## Task description
Output each line from the one that contains "by move/independentP: iS;" to the final line of the data below, exactly, and include nothing else.

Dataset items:
* * * * * * *
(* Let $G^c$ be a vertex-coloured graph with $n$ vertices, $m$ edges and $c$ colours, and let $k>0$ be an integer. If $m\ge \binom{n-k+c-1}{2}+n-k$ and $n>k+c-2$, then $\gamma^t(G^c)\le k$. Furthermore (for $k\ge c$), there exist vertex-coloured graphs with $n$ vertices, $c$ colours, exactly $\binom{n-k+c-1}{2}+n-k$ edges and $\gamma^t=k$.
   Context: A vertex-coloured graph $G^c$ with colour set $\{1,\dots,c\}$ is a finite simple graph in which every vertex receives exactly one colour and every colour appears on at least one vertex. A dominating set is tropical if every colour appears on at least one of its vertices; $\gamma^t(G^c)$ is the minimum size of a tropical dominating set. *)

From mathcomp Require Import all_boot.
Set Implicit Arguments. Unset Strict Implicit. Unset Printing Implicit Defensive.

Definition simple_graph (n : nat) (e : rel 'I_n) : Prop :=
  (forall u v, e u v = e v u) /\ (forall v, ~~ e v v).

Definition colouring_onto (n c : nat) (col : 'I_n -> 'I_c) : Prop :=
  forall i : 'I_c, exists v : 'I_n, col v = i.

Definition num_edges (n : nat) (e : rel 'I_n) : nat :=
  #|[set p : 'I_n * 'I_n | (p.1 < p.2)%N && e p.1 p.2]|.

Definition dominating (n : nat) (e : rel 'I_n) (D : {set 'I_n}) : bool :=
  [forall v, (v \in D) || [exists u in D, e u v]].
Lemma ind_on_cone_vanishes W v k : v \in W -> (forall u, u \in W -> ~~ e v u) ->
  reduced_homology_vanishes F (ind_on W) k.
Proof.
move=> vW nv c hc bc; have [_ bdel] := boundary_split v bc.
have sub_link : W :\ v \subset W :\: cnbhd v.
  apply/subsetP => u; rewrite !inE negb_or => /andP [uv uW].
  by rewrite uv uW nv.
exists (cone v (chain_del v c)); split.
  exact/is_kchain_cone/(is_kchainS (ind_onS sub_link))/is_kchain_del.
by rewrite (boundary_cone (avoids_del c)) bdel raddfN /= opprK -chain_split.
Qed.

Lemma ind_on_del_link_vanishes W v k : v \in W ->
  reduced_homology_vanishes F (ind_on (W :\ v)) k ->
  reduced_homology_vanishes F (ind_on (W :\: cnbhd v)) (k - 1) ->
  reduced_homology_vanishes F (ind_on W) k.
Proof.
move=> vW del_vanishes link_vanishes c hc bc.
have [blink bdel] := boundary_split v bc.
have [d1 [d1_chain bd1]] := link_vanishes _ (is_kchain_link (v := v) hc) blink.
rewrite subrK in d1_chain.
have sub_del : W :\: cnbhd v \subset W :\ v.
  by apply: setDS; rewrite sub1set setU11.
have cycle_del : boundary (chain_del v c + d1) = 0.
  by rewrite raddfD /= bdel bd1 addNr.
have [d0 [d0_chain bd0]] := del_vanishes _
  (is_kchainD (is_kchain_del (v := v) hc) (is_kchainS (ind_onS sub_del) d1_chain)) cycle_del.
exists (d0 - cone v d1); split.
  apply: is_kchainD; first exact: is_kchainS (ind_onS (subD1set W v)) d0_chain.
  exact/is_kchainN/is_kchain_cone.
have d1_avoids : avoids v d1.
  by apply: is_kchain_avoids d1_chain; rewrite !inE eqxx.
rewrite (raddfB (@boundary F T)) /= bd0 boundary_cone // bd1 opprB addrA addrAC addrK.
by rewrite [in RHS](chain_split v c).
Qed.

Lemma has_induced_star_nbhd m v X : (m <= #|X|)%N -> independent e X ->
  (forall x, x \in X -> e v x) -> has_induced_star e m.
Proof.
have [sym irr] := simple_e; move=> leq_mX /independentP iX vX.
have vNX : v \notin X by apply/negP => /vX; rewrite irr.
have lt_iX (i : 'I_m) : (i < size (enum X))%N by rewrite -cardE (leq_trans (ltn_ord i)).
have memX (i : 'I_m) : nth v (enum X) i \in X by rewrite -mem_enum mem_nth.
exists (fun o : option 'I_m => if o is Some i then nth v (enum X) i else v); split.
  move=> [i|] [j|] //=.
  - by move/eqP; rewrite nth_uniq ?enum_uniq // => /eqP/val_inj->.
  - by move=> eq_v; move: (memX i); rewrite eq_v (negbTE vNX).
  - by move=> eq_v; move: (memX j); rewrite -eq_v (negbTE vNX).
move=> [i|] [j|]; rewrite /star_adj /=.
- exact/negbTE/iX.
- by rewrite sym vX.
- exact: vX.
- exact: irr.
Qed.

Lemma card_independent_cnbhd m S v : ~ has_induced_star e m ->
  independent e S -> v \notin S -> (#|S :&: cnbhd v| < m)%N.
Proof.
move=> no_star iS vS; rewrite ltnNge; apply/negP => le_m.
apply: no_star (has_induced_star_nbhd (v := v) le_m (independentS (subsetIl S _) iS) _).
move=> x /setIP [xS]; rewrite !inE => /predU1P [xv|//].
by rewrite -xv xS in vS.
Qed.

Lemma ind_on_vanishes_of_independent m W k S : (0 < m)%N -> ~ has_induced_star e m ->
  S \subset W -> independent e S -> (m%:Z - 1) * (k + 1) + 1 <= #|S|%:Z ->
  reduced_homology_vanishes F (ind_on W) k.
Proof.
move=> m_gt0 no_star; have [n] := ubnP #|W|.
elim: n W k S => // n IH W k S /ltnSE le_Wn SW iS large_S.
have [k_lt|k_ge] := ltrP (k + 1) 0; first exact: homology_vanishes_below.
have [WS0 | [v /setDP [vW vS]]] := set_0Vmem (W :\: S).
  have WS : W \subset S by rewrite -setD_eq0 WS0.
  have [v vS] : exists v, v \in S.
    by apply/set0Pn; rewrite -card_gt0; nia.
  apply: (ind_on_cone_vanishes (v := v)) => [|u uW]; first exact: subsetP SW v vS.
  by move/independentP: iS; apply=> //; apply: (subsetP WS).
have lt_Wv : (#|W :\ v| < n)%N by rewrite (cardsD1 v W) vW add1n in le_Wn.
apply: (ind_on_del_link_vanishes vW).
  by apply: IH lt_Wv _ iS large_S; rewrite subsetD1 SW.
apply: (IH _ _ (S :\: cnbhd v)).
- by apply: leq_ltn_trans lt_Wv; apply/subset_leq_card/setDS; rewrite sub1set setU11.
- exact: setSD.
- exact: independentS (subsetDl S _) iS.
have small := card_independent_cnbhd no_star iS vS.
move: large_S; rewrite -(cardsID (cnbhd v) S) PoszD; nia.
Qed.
* * * * * * *
## Answer area
  by move/independentP: iS; apply=> //; apply: (subsetP WS).
have lt_Wv : (#|W :\ v| < n)%N by rewrite (cardsD1 v W) vW add1n in le_Wn.
apply: (ind_on_del_link_vanishes vW).
  by apply: IH lt_Wv _ iS large_S; rewrite subsetD1 SW.
apply: (IH _ _ (S :\: cnbhd v)).
- by apply: leq_ltn_trans lt_Wv; apply/subset_leq_card/setDS; rewrite sub1set setU11.
- exact: setSD.
- exact: independentS (subsetDl S _) iS.
have small := card_independent_cnbhd no_star iS vS.
move: large_S; rewrite -(cardsID (cnbhd v) S) PoszD; nia.
Qed.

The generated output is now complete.